Edward Jay Blum is a conservative legal strategist known for his activism against affirmative action based on race and ethnicity. He connects potential plaintiffs with attorneys who are willing to represent them in "test cases" which he tries to use to set legal precedents. He is the director and sole member of the Project on Fair Representation, which he founded in 2005.  According to its website, the Project focuses specifically on voting, education, contracting, employment, racial quotas, and racial reparations.  Since the 1990s, Blum has been heavily involved in bringing six cases to the United States Supreme Court. He is a key figure in the Students for Fair Admissions v. President and Fellows of Harvard College lawsuit.

Early life
Blum was born into a Jewish family in Benton Harbor, Michigan, where his parents owned and operated the local shoe store. He graduated from the University of Texas at Austin in 1973. He then studied West African writers for a year at the State University of New York at New Paltz. 
He describes his parents as generally left-wing liberals who supported Democratic presidents like Franklin Roosevelt and Harry S. Truman and that he was, eventually, "the first Republican my mother ever met".

Political interest
While working as a stock broker in Houston, Texas in the early 80s, he became involved in the neoconservatism movement. In 1990, he realized that the Democratic incumbent in his congressional district, Craig Anthony Washington, was running unopposed, so decided to run against him for the Republican Party. During that campaign, Blum and his wife Lark went door-knocking and realized that the boundaries of their district erratically divided streets based on ethnicity, with the suspected purpose to gerrymander a majority African-American district in order to grant increased voting power to minorities. Blum eventually lost the congressional race.  But he and others filed a lawsuit against the state of Texas, claiming that the racially gerrymandered districts violated the Fourteenth Amendment.  The case, Bush v. Vera, went to the Supreme Court, which ruled in Blum's favor.

Activism
Blum holds a fellowship at the American Enterprise Institute (AEI).  His areas of research at AEI include civil rights policy, affirmative action, multiculturalism, and redistricting.  He has also written the book, The Unintended Consequences of Section 5 of the Voting Rights Act (2007).

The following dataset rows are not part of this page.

Definition cycle4 : net := {|
  plc := fun x => (x =? 0) || (x =? 2);
  trn := fun x => (x =? 1) || (x =? 3);
  flw := fun x y => match x, y with
                    | 0, 1 | 1, 2 | 2, 3 | 3, 0 => true
                    | _, _ => false end;
  inp := fun x => x =? 0;
  out := fun x => x =? 2 |}.

Lemma cycle4_node x : node cycle4 x = true -> x < 4.
Proof. unfold node; simpl. destruct x as [|[|[|[|x]]]]; simpl; try lia; discriminate. Qed.

Lemma cycle4_reach x y : x < 4 -> y < 4 -> reach cycle4 x y.
Proof.
  assert (Hstep : forall z, z < 4 -> reach cycle4 z (S z mod 4)).
  { intros z Hz; apply rt_step. destruct z as [|[|[|[|z]]]]; try reflexivity; lia. }
  intros Hx Hy.
  destruct x as [|[|[|[|x]]]]; try lia; destruct y as [|[|[|[|y]]]]; try lia;
    repeat (first [apply rt_refl | eapply rt_trans; [apply Hstep; lia | simpl]]).
Qed.

Lemma cycle4_pWF : pWF cycle4.
Proof.
  split; [split; [split; [|split]|split; [|split; [|split]]]|split].
  - intros x; destruct x as [|[|[|[|x]]]]; simpl; intros [A B]; discriminate.
  - exists 4; apply cycle4_node.
  - intros x y; destruct x as [|[|[|[|x]]]]; destruct y as [|[|[|[|y]]]]; simpl;
      intros H; try discriminate; auto.
  - exists 0; reflexivity.
  - exists 2; reflexivity.
  - intros x Hx; exists 0; split; [reflexivity |].
    apply cycle4_reach; [lia | apply cycle4_node, Hx].
  - intros x Hx; exists 2; split; [reflexivity |].
    apply cycle4_reach; [apply cycle4_node, Hx | lia].
  - intros x; destruct x; simpl; auto; discriminate.
  - intros x; destruct x as [|[|[|x]]]; simpl; auto; discriminate.
Qed.

Lemma cycle4_pOR11 : pOR11 cycle4.
Proof.
  assert (Hone : forall t a b, flw cycle4 a t = true -> flw cycle4 t b = true ->
            inp cycle4 t = false -> out cycle4 t = false -> node_cond cycle4 t).
  { intros t a b Ha Hb Hi Ho; split; right; split; auto.
    - exists a; split; auto; intros z Hz.
      destruct t as [|[|[|[|t]]]], a as [|[|[|[|a]]]], z as [|[|[|[|z]]]];
        simpl in *; congruence.
    - exists b; split; auto; intros z Hz.
      destruct t as [|[|[|[|t]]]], b as [|[|[|[|b]]]], z as [|[|[|[|z]]]];
        simpl in *; congruence. }
  split; [split|split; [|split]].
  - left; apply cycle4_pWF.
  - intros t Ht; destruct t as [|[|[|[|t]]]]; simpl in Ht; try discriminate.
    + apply (Hone 1 0 2); reflexivity.
    + apply (Hone 3 2 0); reflexivity.
  - apply cycle4_pWF.
  - exists 0; split; [reflexivity | intros j Hj; apply Nat.eqb_eq, Hj].
  - exists 2; split; [reflexivity | intros j Hj; apply Nat.eqb_eq, Hj].
Qed.

(* The input place 0 of the cycle has the predecessor 3. *)
Lemma cycle4_not_small : ~ SC class_small cycle4.
Proof.
  intros H.
  destruct (SC_source_inputs class_small class_small_source_inputs cycle4 H)
    as [_ Hsrc].
  specialize (Hsrc 0 eq_refl eq_refl 3); discriminate.
Qed.

Theorem mainTheorem3 :
  (forall N, SC class_small N -> SC class_big N) /\
  (exists N, SC class_big N /\ ~ SC class_small N) /\
  (exists N, pOR11 N /\ ~ SC class_small N).
Proof.
  assert (Hbig : SC class_big cycle4)
    by (apply SC_base; right; right; left; exact cycle4_pOR11).
  split; [| split].
  - apply SC_monotone; unfold class_small, class_big; tauto.
  - exists cycle4; split; [exact Hbig | exact cycle4_not_small].
  - exists cycle4; split; [exact cycle4_pOR11 | exact cycle4_not_small].
Qed.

His litigation includes United States Supreme Court cases Bush v. Vera (1996), Northwest Austin Municipal Utility District No. 1 v. Holder (2009), Fisher v. University of Texas (2013), Shelby County v. Holder (2013), Evenwel v. Abbott (2016), and Fisher v. University of Texas II (2016).

In Shelby County, the Supreme Court struck down Section 4 of the Voting Rights Act of 1965, which subjected certain states and parts of states to federal scrutiny when they tried to modify voting procedures.  This scrutiny, known as "preclearance", was intended to prevent states from enacting voting procedures that disproportionately burden racial minorities.  After unsuccessfully lobbying Congress to modify the preclearance rules in the Act's 2006 reauthorization, Blum set out to challenge the Act's constitutionality in court.  He wanted to change or eliminate the law because it had led to the pro-minority gerrymandering which he encountered in the 1990s when he ran for Congress.

In Evenwel, Blum recruited Texas voters to sue Texas in a constitutional test case. Texas, like other states, divides its state legislative districts in a way that equalizes the total population of each district. However, some districts have more eligible voters than others because they have fewer minors, non-citizen immigrants, and convicted felons. Blum and his recruited plaintiffs contended that this discriminates against voters in districts with high numbers of eligible voters, since each person's vote has less power. They wanted the Supreme Court to mandate that districts be drawn based on voter-eligible population rather than total population. In an April 2016 ruling, the Supreme Court upheld Texas's district scheme.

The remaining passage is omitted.